It has helpful to understand that the Pharisee in his day thought himself as the one holding Israel to God's laws in the face of the pagan cultures Israel was influenced by. The Pharisee thought he was reforming Judaism back to what it had drifted from- the Mosaic law and all its applications.

One reason the Lord called them on it so frequently was that it betrayed their belief that they could add to it, by virtue of their superior motives. Also, that their hearts were not right inwardly, out of faith and obedience- that's why they often so fiercely denied and rejected the Messiah to whom the Law pointed.

All of those attributes of "legalism" are tendencies we as fallen, prideful human beings can fall into... and must repent of regularly as we grow in Christ.


----------



## Peairtach (Feb 8, 2010)

> Rich, I hope you do not think I was attempting to abolish the Sabbath!! Just wonderin why Christ attacked them most on this day....



We don't necessarily know if Jesus attacked the Pharisees most on this day, because there is much that Jesus did and said that isn't recorded in the Gospels. But presumably the Holy Spirit's choice of material reflects what was most important.

I was trying to point out that one reason why Jesus may have attacked them most on this day was because of the preciousness of God's Day to Him and therefore He viewed it as very important to clear this Day of false teaching which was ruining it.

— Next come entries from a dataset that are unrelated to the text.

(* Let $X$ and $Y$ be real Banach spaces such that $Y$ is uniformly convex and the set of norm-attaining operators $\mathrm{NA}(\mathcal F(X),Y)$ is dense in $\mathcal L(\mathcal F(X),Y)$. Then $\mathrm{A}(X,Y)$ is dense in $\mathrm{Lip}_0(X,Y)$.
   Context: $\widetilde X=\{(x,y)\in X^2:x\neq y\}$. $\mathrm{Lip}_0(X,Y)$ is the Banach space of Lipschitz $f\colon X\to Y$ with $f(0)=0$ and norm $\|f\|=\sup_{(x,y)\in\widetilde X}\|f(x)-f(y)\|/\|x-y\|$. The Lipschitz-free space $\mathcal F(X)$ is the closed linear span of $\{\delta_x:x\in X\}$ in $\mathrm{Lip}_0(X,\mathbb R)^*$, $\delta_x(g)=g(x)$. $\mathcal L(Z,Y)$ is the space of bounded linear operators with the operator norm, and $\mathrm{NA}(Z,Y)$ the set of $T\in\mathcal L(Z,Y)$ with $\|Tz\|=\|T\|$ for some $z\in S_Z$. $\mathrm{A}(X,Y)$ is the set of $f\in\mathrm{Lip}_0(X,Y)$ for which there exist $z\in Y$ with $\|z\|=\|f\|$ and $(x_n,y_n)\in\widetilde X$ with $\frac{f(x_n)-f(y_n)}{\|x_n-y_n\|}\to z$. *)

From HB Require Import structures.
From mathcomp Require Import all_boot all_order all_algebra.
From mathcomp Require Import all_classical all_reals all_analysis.
Set Implicit Arguments. Unset Strict Implicit. Unset Printing Implicit Defensive.
Import Order.TTheory GRing.Theory Num.Theory.
Import numFieldNormedType.Exports.
Local Open Scope classical_set_scope.
Local Open Scope ring_scope.

Section Defs.
Context {R : realType}.

Definition Lip0 (X Y : normedModType R) (f : X -> Y) : Prop :=
  f 0 = 0 /\ exists C : R, forall x y : X, `|f x - f y| <= C * `|x - y|.

Definition lipnorm (X Y : normedModType R) (f : X -> Y) : R :=
  sup [set r : R | exists x y : X, x <> y /\ r = `|f x - f y| / `|x - y|].

(** Elements of Lip_0(X,R)^* are represented as maps (X -> R) -> R, normalised
    to vanish outside Lip_0(X,R) (so the representation is unique). *)
Definition dnorm (X : normedModType R) (mu : (X -> R) -> R) : R :=
  sup [set r : R | exists g : X -> R, [/\ Lip0 g, lipnorm g <= 1 & r = `|mu g|]].

(** Finite linear combination  sum_i a_i delta_{x_i}  evaluated at g. *)
Definition comb_delta (X : normedModType R) (s : seq (R * X)) (g : X -> R) : R :=
  \sum_(p <- s) p.1 * g p.2.

(** The Lipschitz-free space F(X): closure, in the dual norm of Lip_0(X,R)^*,
    of the linear span of the evaluations delta_x. *)
Definition FX (X : normedModType R) : set ((X -> R) -> R) :=
  [set mu | (forall g : X -> R, ~ Lip0 g -> mu g = 0) /\
     forall eps : R, 0 < eps -> exists s : seq (R * X),
       forall g : X -> R, Lip0 g -> lipnorm g <= 1 ->
         `|mu g - comb_delta s g| <= eps].

(** Bounded linear operators F(X) -> Y (values off F(X) are irrelevant). *)
Definition is_op (X Y : normedModType R) (T : ((X -> R) -> R) -> Y) : Prop :=
  (forall (a b : R) mu nu, FX mu -> FX nu ->
     T (fun g => a * mu g + b * nu g) = a *: T mu + b *: T nu) /\
  exists C : R, forall mu, FX mu -> `|T mu| <= C * dnorm mu.

Definition opnorm (X Y : normedModType R) (T : ((X -> R) -> R) -> Y) : R :=
  sup [set r : R | exists mu, [/\ FX mu, dnorm mu <= 1 & r = `|T mu|]].

Definition NA (X Y : normedModType R) (T : ((X -> R) -> R) -> Y) : Prop :=
  is_op T /\ exists mu, [/\ FX mu, dnorm mu = 1 & `|T mu| = opnorm T].

Definition uniformly_convex (Y : normedModType R) : Prop :=
  forall eps : R, 0 < eps -> exists delta : R, 0 < delta /\
    forall x y : Y, `|x| <= 1 -> `|y| <= 1 -> eps <= `|x - y| ->
      `|(2%:R^-1 : R) *: (x + y)| <= 1 - delta.

Definition A_set (X Y : normedModType R) : set (X -> Y) :=
  [set f | Lip0 f /\ exists (z : Y) (x y : nat -> X),
     [/\ `|z| = lipnorm f, (forall n, x n <> y n) &
         (fun n => (`|x n - y n|)^-1 *: (f (x n) - f (y n))) @ \oo --> z]].

End Defs.

(* A Lipschitz map f : X -> Y extends, Y being complete, to a bounded operator
   T_f on F(X) with T_f delta_x = f x; the norm estimate for T_f on molecules
   comes from Hahn-Banach.  Conversely an operator S gives the Lipschitz map
   g_S = S \o delta with L(g_S) <= ||S||, so f - g_S = g_(T_f - S) is small when
   S is close to T_f.  If S attains its norm N at mu and phi norms z = S mu, the
   identity phi (S mu) = mu (phi \o g_S) forces phi \o g_S to have Lipschitz
   constant N: some difference quotients q of g_S have ||q|| <= N and phi q
   close to N = phi z.  Uniform convexity then makes q close to z, so g_S
   belongs to A(X, Y). *)

From HB Require Import structures.
From mathcomp Require Import all_boot all_order all_algebra.
From mathcomp Require Import all_classical all_reals all_analysis.
From mathcomp Require Import ring lra.
Import Order.TTheory GRing.Theory Num.Theory.
Import numFieldNormedType.Exports.
Local Open Scope classical_set_scope.
Local Open Scope ring_scope.
Set Implicit Arguments.
Unset Strict Implicit.

Section real_facts.
Context {R : realType}.

Lemma sup_le_ge0 (E : set R) (b : R) : 0 <= b -> ubound E b -> sup E <= b.
Proof.
move=> b0 Eb; have [->|/set0P E0] := eqVneq E set0; first by rewrite sup0.
exact: ge_sup.
Qed.

Lemma le_of_forall_le_addM (K x y : R) : 0 <= K ->
  (forall e, 0 < e -> x <= y + K * e) -> x <= y.
Proof.
move=> K0 le_xy; apply/ler_addgt0Pr => e e0.
have K1 : 0 < K + 1 by lra.
apply: le_trans (le_xy _ (divr_gt0 e0 K1)) _; rewrite lerD2l mulrA ler_pdivrMr //.
by rewrite mulrC ler_wpM2l ?ltW //; lra.
Qed.

End real_facts.

Section norming_functional.
Context {R : realType} {Y : normedModType R}.

Definition norming_functional (phi : {scalar Y}) (z : Y) :=
  (forall y, phi y <= `|y|) /\ phi z = `|z|.

Lemma norming_functional_norm phi z y : norming_functional phi z -> `|phi y| <= `|y|.
Proof.
move=> [phi_le _]; rewrite ler_norml phi_le andbT lerNl -linearN.
by rewrite -(normrN y) phi_le.
Qed.

Variable z : Y.

(* Graphs of partial linear functionals below the norm and extending [z |-> |z|];
   the empty graph is admitted so that the union of the empty chain qualifies. *)
Definition dominated_graph (G : set (Y * R)) :=
  [/\ G = set0 \/ G (z, `|z|),
      (forall u r v s a b, G (u, r) -> G (v, s) -> G (a *: u + b *: v, a * r + b * s)) &
      (forall u r, G (u, r) -> r <= `|u|)].

Lemma dominated_graph_maximal :
  exists G, dominated_graph G /\ forall B, G `<` B -> ~ dominated_graph B.
Proof.
apply: Zorn_bigcup => F FP Ftot; split.
- have [[G [FG Gz]]|nGz] := pselect (exists G, F G /\ G (z, `|z|)).
    by right; exists G.
  left; apply/seteqP; split => // p [G FG Gp].
  have [[G0|Gz] _ _] := FP _ FG; first by rewrite G0 in Gp.
  by exfalso; apply: nGz; exists G.
- move=> u r v s a b [G1 F1 G1u] [G2 F2 G2v].
  have [G12|G21] := Ftot _ _ F1 F2.
    by exists G2 => //; have [_ lin _] := FP _ F2; apply: lin => //; exact: G12.
  by exists G1 => //; have [_ lin _] := FP _ F1; apply: lin => //; exact: G21.
- by move=> u r [G FG Gu]; have [_ _ dom] := FP _ FG; exact: dom.
Qed.

Section dominated_graph.
Variable G : set (Y * R).
Hypotheses (GG : dominated_graph G) (Gz : G (z, `|z|)).

Lemma dominated_graph_fun y r s : G (y, r) -> G (y, s) -> r = s.
Proof.
have [_ lin dom] := GG.
have le_rs a b : G (y, a) -> G (y, b) -> a <= b.
  move=> Ga Gb; have := dom _ _ (lin _ _ _ _ 1 (-1) Ga Gb).
  by rewrite scaleN1r scale1r subrr normr0 mulN1r mul1r subr_le0.
by move=> Gr Gs; apply/eqP; rewrite eq_le !le_rs.
Qed.

Lemma dominated_graph_gap y : exists c, forall u r, G (u, r) ->
  r - `|u - y| <= c /\ c <= `|u + y| - r.
Proof.
have [_ lin dom] := GG.
pose E := [set x | exists u r, G (u, r) /\ x = r - `|u - y|].
have E_ub v s : G (v, s) -> ubound E (`|v + y| - s).
  move=> Gv _ [u [r [Gu ->]]].
  have := dom _ _ (lin _ _ _ _ 1 1 Gu Gv); rewrite !scale1r !mul1r.
  have -> : u + v = (u - y) + (v + y) by rewrite addrA addrAC subrK.
  have := ler_normD (u - y) (v + y); lra.
exists (sup E) => u r Gu; split.
  by apply: ub_le_sup; [exists (`|z + y| - `|z|); exact: E_ub | exists u, r].
by apply: ge_sup; [exists (`|z| - `|z - y|), z, `|z| | exact: E_ub].
Qed.

Lemma dominated_graph_extend y : ~ (exists r, G (y, r)) ->
  exists B, G `<` B /\ dominated_graph B.
Proof.
move=> Gy; have [_ lin dom] := GG; have [c gap] := dominated_graph_gap y.
pose B := [set p | exists u r t, G (u, r) /\ p = (u + t *: y, r + t * c)].
have GB : G `<=` B by move=> [u r] Gu; exists u, r, 0; rewrite scale0r mul0r !addr0.
exists B; split.
  split => // BG; apply: Gy; exists c; apply: BG; exists 0, 0, 1; split.
    by have := lin _ _ _ _ 0 0 Gz Gz; rewrite !scale0r !mul0r !addr0.
  by rewrite scale1r mul1r !add0r.
split.
- by right; apply: GB.
- move=> u0 r0 v0 s0 a b [u [r [t [Gu [-> ->]]]]] [v [s [t' [Gv [-> ->]]]]].
  exists (a *: u + b *: v), (a * r + b * s), (a * t + b * t'); split; first exact: lin.
  congr pair; first by rewrite scalerDl !scalerDr !scalerA addrACA.
  by rewrite mulrDl !mulrDr !mulrA addrACA.
- move=> u0 r0 [u [r [t [Gu [-> ->]]]]].
  have [t0|t0|->] := ltgtP t 0; last by rewrite scale0r mul0r !addr0; exact: dom.
  (* rescale (u, r) by 1/|t| and use the appropriate side of the gap *)
  + have Gu' := lin _ _ _ _ (- t)^-1 0 Gu Gu.
    rewrite scale0r mul0r !addr0 in Gu'; have [+ _] := gap _ _ Gu'.
    have tp : 0 < - t by rewrite oppr_gt0.
    have -> : (- t)^-1 *: u - y = (- t)^-1 *: (u + t *: y).
      by rewrite scalerDr scalerA invrN mulNr mulVf ?lt_eqF // scaleN1r.
    rewrite normrZ gtr0_norm ?invr_gt0 // -mulrBr mulrC ler_pdivrMr // => ?.
    nra.
  + have Gu' := lin _ _ _ _ t^-1 0 Gu Gu.
    rewrite scale0r mul0r !addr0 in Gu'; have [_ +] := gap _ _ Gu'.
    have -> : t^-1 *: u + y = t^-1 *: (u + t *: y).
      by rewrite scalerDr scalerA mulVf ?gt_eqF // scale1r.
    rewrite normrZ gtr0_norm ?invr_gt0 // -mulrBr mulrC ler_pdivlMr // => ?.
    nra.
Qed.

End dominated_graph.

Lemma exists_norming_functional : exists phi, norming_functional phi z.
Proof.
have [G [[G0z lin dom] Gmax]] := dominated_graph_maximal.
have Gz : G (z, `|z|).
  case: G0z => // G0; exfalso; apply: (Gmax [set (t *: z, t * `|z|) | t in setT]).
    rewrite G0; split => // /(_ (z, `|z|)); apply.
    by exists 1; rewrite ?scale1r ?mul1r.
  split; first by right; exists 1; rewrite ?scale1r ?mul1r.
    move=> _ _ _ _ a b [t _ [<- <-]] [t' _ [<- <-]]; exists (a * t + b * t') => //.
    by rewrite scalerDl !scalerA mulrDl !mulrA.
  by move=> _ _ [t _ [<- <-]]; rewrite normrZ ler_wpM2r // ler_norm.
have GG : dominated_graph G by split; [right | |].
have Gtot y : exists r, G (y, r).
  apply: contrapT => Gy; have [B [GB BB]] := dominated_graph_extend GG Gz Gy.
  exact: Gmax GB BB.
have /choice [phi Gphi] := Gtot.
have phi_lin a u v : phi (a *: u + v) = a * phi u + phi v.
  apply: (dominated_graph_fun GG (Gphi _)).
  by have := lin _ _ _ _ a 1 (Gphi u) (Gphi v); rewrite scale1r mul1r.
pose phiL : {scalar Y} := HB.pack phi (GRing.isLinear.Build _ _ _ _ phi phi_lin).
exists phiL; split; first by move=> y; exact: dom (Gphi y).
exact: (dominated_graph_fun GG (Gphi z) Gz).
Qed.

Also this may be why the Holy Spirit records so many instances of this.

Of course the Pharisees may have been also particularly sensitive to breaches of their additional Mishnah laws (the so-called "Oral Law") regarding this day.


----------



## KMK (Feb 8, 2010)

When did Jesus 'attack' the Pharisees? He often 'stumbled' the Pharisees on the Sabbath by his healings and exorcisms but that is only because the Sabbath, more than other days, is set aside for the purpose of acts of mercy.


----------